(Given information begins)

Section PsModule.
Variables (F : fieldType) (V : psmod F).

Lemma ps_act_zmod_morphism a : zmod_morphism (ps_act V a).
Proof. by move=> v w; apply: (addIr (ps_act V a w)); rewrite -ps_act_addr !subrK. Qed.

HB.instance Definition _ a :=
  GRing.isZmodMorphism.Build V V (ps_act V a) (ps_act_zmod_morphism a).

Lemma ps_act_zero v : ps_act V (ps_zero F) v = 0.
Proof.
have zz : ps_add (ps_zero F) (ps_zero F) = ps_zero F.
  by apply: funext => k; rewrite /ps_add /ps_zero addr0.
by apply: (addIr (ps_act V (ps_zero F) v)); rewrite -ps_act_addl zz add0r.
Qed.

Lemma ps_act_comm a b v : ps_act V a (ps_act V b v) = ps_act V b (ps_act V a v).
Proof. by rewrite -!ps_act_mul ps_mulC. Qed.

Lemma ps_free_uniq_span : ps_free V ->
  exists (B : eqType) (b : B -> V),
    (forall v : V, exists (s : seq B) (a : B -> series F),
        uniq s /\ v = \sum_(x <- s) ps_act V (a x) (b x)) /\
    (forall (s : seq B) (a : B -> series F), uniq s ->
        \sum_(x <- s) ps_act V (a x) (b x) = 0 ->
        forall x, x \in s -> a x = ps_zero F).
Proof.
case=> B [b [span indep]]; exists B, b; split=> // v.
have [s [a ->]] := span v.
pose a' x := iter (count_mem x s) (ps_add (a x)) (ps_zero F).
exists (undup s), a'; split; first exact: undup_uniq.
rewrite -big_undup_iterop_count; apply: eq_bigr => x _.
rewrite Monoid.iteropE /a'; elim: (count_mem x s) => [|m IHm] /=.
  by rewrite ps_act_zero.
by rewrite ps_act_addl IHm.
Qed.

(Given information ends)

*Your instructions:*
Please copy out each line in the entries that mentions the string "exists".

*Answer box:*
  exists (B : eqType) (b : B -> V),
    (forall v : V, exists (s : seq B) (a : B -> series F),
case=> B [b [span indep]]; exists B, b; split=> // v.
exists (undup s), a'; split; first exact: undup_uniq.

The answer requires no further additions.